The problem is: we can only feel joy to the extent we feel grief. We can only connect to the extent we allow lonely. And so on…

They wanted my smile, they wanted something they perceived I had that they didn’t. I’m white-knuckling it, too, team.

So either: I’m pretending, or I am a very professional human. Either I’m faking and the smile is facade, or I am seasoned. I think I just really love open windows. I think I just can’t endure a world and life that feels untrue anymore. I think I’m willing to risk anything in my pursuit of Love. I think my Source, my Higher Power, is so securely knitted to each cell that I can’t exist outside it. Whatever “it” is.

If you want that, too, I’m happy to hang out here a little longer with you. 

I cannot guarantee that I will make your life feel less hard, I believe white knuckles are just a part of the human experience. We can try breathing deeply though? Some days will feel bleak and empty—we allow that.

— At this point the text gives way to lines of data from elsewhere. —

Lemma powq_derive a A : 0 < A -> is_derive (fun x => powq x a) A (a * powq A (a - 1)).
Proof.
  intros HA; rewrite powq_of_pos by exact HA.
  apply is_derive_ext_loc with (fun x => Rpower x a).
  - apply (locally_interval _ A 0 p_infty HA I); intros x Hx _; rewrite powq_of_pos; [reflexivity | exact Hx].
  - apply is_derive_Reals, derivable_pt_lim_power, HA.
Qed.

Lemma powq_derive_0 a : 1 < a -> is_derive (fun x => powq x a) 0 0.
Proof.
  intros Ha; apply is_derive_Reals; intros eps Heps.
  destruct (Rpower_lt_near_0 (a - 1) eps ltac:(lra) Heps) as [d [Hd Hsmall]].
  exists (mkposreal d Hd); intros h Hh0 Hh; simpl in Hh.
  rewrite Rplus_0_l, powq_0, !Rminus_0_r.
  unfold powq; destruct (Rlt_dec 0 h).
  - replace a with (a - 1 + 1) at 1 by ring.
    rewrite Rpower_add1 by assumption; unfold Rdiv.
    rewrite Rmult_comm, <- Rmult_assoc, Rinv_l, Rmult_1_l by lra.
    rewrite Rabs_right by (left; apply exp_pos); apply Hsmall; apply Rabs_def2 in Hh; lra.
  - unfold Rdiv; rewrite Rmult_0_l, Rabs_R0; exact Heps.
Qed.

Lemma powq_continuous a x : 0 < a -> 0 <= x -> continuous (fun x => powq x a) x.
Proof.
  intros Ha [Hx | <-]; [apply continuous_of_ex_derive; eexists; apply powq_derive, Hx|].
  apply continuity_pt_filterlim; intros eps Heps.
  destruct (Rpower_lt_near_0 a eps Ha Heps) as [d [Hd Hsmall]].
  exists d; split; [exact Hd|]; intros x [_ Hx]; simpl in *; unfold R_dist in *.
  rewrite powq_0, Rminus_0_r in *.
  unfold powq; destruct (Rlt_dec 0 x).
  - rewrite Rabs_right by (left; apply exp_pos); apply Hsmall; apply Rabs_def2 in Hx; lra.
  - rewrite Rabs_R0; exact Heps.
Qed.

Lemma Gq_derive q y : 0 < q -> is_derive (Gq q) y (- Gq (q + 1) y).
Proof.
  intros Hq; unfold Gq; auto_derive; [eexists; apply Fq_derive, Hq|].
  rewrite Derive_Fq by exact Hq; ring.
Qed.

Lemma Gq_recurrence q y : 0 < q -> Gq (q + 2) y = - y * Gq (q + 1) y + q * Gq q y.
Proof. intros Hq; unfold Gq; rewrite Fq_recurrence by exact Hq; ring. Qed.

Lemma Derive_Gq q y : 0 < q -> Derive (Gq q) y = - Gq (q + 1) y.
Proof. intros Hq; apply is_derive_unique, Gq_derive, Hq. Qed.

Ltac ex_derive_side_conditions :=
  repeat match goal with
  | |- _ /\ _ => split
  | |- True => exact I
  | |- ex_derive (fun x => Fq _ x) _ => eexists; apply Fq_derive; lra
  | |- ex_derive (fun x => Gq _ x) _ => eexists; apply Gq_derive; lra
  | |- ex_derive _ _ => eexists; eassumption
  end.

Lemma Gq_pos q y : 0 < q -> 0 < Gq q y.
Proof. apply Fq_pos. Qed.

Lemma Gq_continuous q y : 0 < q -> continuous (Gq q) y.
Proof. intros Hq; apply continuous_of_ex_derive; eexists; apply Gq_derive, Hq. Qed.

Lemma FGq_pos q y : 0 < q -> 0 < FGq q y.
Proof. intros Hq; pose proof (Fq_pos q y Hq); pose proof (Gq_pos q y Hq); unfold FGq; lra. Qed.

Definition wcoef q Ds := powq Ds q / FGq q Ds.

Definition wronskian q A := Fq (q + 1) A * Gq q A + Fq q A * Gq (q + 1) A.

Definition wnum q c A p dp := c * wronskian q A - dp * Gq q A - p * Gq (q + 1) A.

Definition wnumer q Ds A := wnum q (wcoef q Ds) A (powq A q) (q * powq A (q - 1)).

Lemma wcoef_pos q Ds : 0 < q -> 0 < Ds -> 0 < wcoef q Ds.
Proof.
  intros Hq HDs; unfold wcoef; rewrite powq_of_pos by exact HDs.
  apply Rdiv_lt_0_compat; [apply exp_pos | apply FGq_pos, Hq].
Qed.

Lemma wronskian_pos q A : 0 < q -> 0 < wronskian q A.
Proof.
  intros Hq; unfold wronskian.
  pose proof (Fq_pos (q + 1) A ltac:(lra)); pose proof (Gq_pos q A Hq).
  pose proof (Fq_pos q A Hq); pose proof (Gq_pos (q + 1) A ltac:(lra)); nra.
Qed.

(* [w = (c FG - P) / G], so [w' = (c (FG' G - FG G') - P' G + P G') / G^2] and [FG' G - FG G' = W]. *)
Lemma wfun_gen_derive q Ds P x p' : 0 < q -> is_derive P x p' ->
  is_derive (fun A => / Gq q A * (powq Ds q * FGq q A / FGq q Ds - P A)) x
    (wnum q (wcoef q Ds) x (P x) p' / Gq q x ^ 2).
Proof.
  intros Hq HP; pose proof (Gq_pos q x Hq); pose proof (FGq_pos q Ds Hq).
  unfold wnum, wronskian, wcoef, FGq, Gq in *; auto_derive.
  - ex_derive_side_conditions; lra.
  - rewrite !Derive_Fq by exact Hq.
    replace (Derive (fun y => P y) x) with p' by (symmetry; apply is_derive_unique, HP).
    field; lra.
Qed.

Lemma wfun_derive q Ds A : 0 < q -> 0 < A ->
  is_derive (wfun q Ds) A (wnumer q Ds A / Gq q A ^ 2).
Proof.
  intros Hq HA; apply (wfun_gen_derive q Ds (fun x => powq x q)); [exact Hq | apply powq_derive, HA].
Qed.

Lemma wnumer_Dstar q Ds : 0 < q -> 0 < Ds -> Dstar_eq q Ds -> wnumer q Ds Ds = 0.
Proof.
  intros Hq HDs HD; unfold Dstar_eq in HD.
  assert (HDer : Derive (FGq q) Ds = Fq (q + 1) Ds - Gq (q + 1) Ds).
  { apply is_derive_unique; unfold FGq, Gq; auto_derive.
    - ex_derive_side_conditions.
    - rewrite !Derive_Fq by exact Hq; unfold Gq; ring. }
  rewrite HDer in HD; pose proof (FGq_pos q Ds Hq) as HFG; unfold FGq in *.
  assert (Hq' : q * (Fq q Ds + Gq q Ds) = Ds * (Fq (q + 1) Ds - Gq (q + 1) Ds)).
  { replace q with (Ds * (Fq (q + 1) Ds - Gq (q + 1) Ds) / (Fq q Ds + Gq q Ds)) at 1 by lra.
    field; lra. }
  unfold wnumer, wnum, wronskian, wcoef, FGq; rewrite !powq_of_pos by exact HDs.
  replace (Rpower Ds q) with (Ds * Rpower Ds (q - 1)) by (rewrite <- Rpower_add1 by exact HDs; f_equal; ring).
  replace (q * Rpower Ds (q - 1) * Gq q Ds)
    with (q * (Fq q Ds + Gq q Ds) * (Rpower Ds (q - 1) * Gq q Ds / (Fq q Ds + Gq q Ds))) by (field; lra).
  rewrite Hq'; field; lra.
Qed.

Other days you will feel a creative fire burn in your belly and it will inspire the most beautiful expression of God and you and life! Sometimes they’re seconds apart.

I used to think this was mental illness, now I know: it’s just full-blown, professional humanity. It’s life fully lived. Please don’t fear it, do not fear your edges. If you allow your fear of the hard stuff to win, then you won’t ever really metabolize the good either. I promise you will survive. Look! I did! Mostly!

I used to think it “should” look a certain way, the way they all appeared to my younger self: in control. If I close my eyes though, time travel back, and take a look at their knuckles, all I see is cartilage bulging through their epidermis. Anyone who tells you they aren’t grabbing at loose ends, or struggling to release them, is an amateur human. We love them, we do not trust them. They will come around eventually.

I want to run away a little less now, because I’ve taken my broken heart and created art. I have a date at the art museum with a friend that I wanted to cancel because I’m feeling especially human, but I won’t do that, because it’s the gift I can offer. The gift I can receive.

Trader Joes had a gorgeous selection of flowers this week and the arrangement in front of me invites a smile. My tea cup is full of warm water, and I cannot get over how miraculous scrambled eggs are, so much nutrition, so easy to prepare, such a gift! My kids don’t have pediatric brain cancer like my sister did, and they are beginning to understand the art of GIF-giving (?!!). David is here, and is committed to staying here even when it’s tough. The dog is an angel from heaven and the whole neighborhood knows it, even if she is clinically, 

“the hairiest dog I’ve ever seen”—Her vet.

This afternoon I will sit on my back porch under the western sky and exhale peacefully, because I don’t have to lie anymore.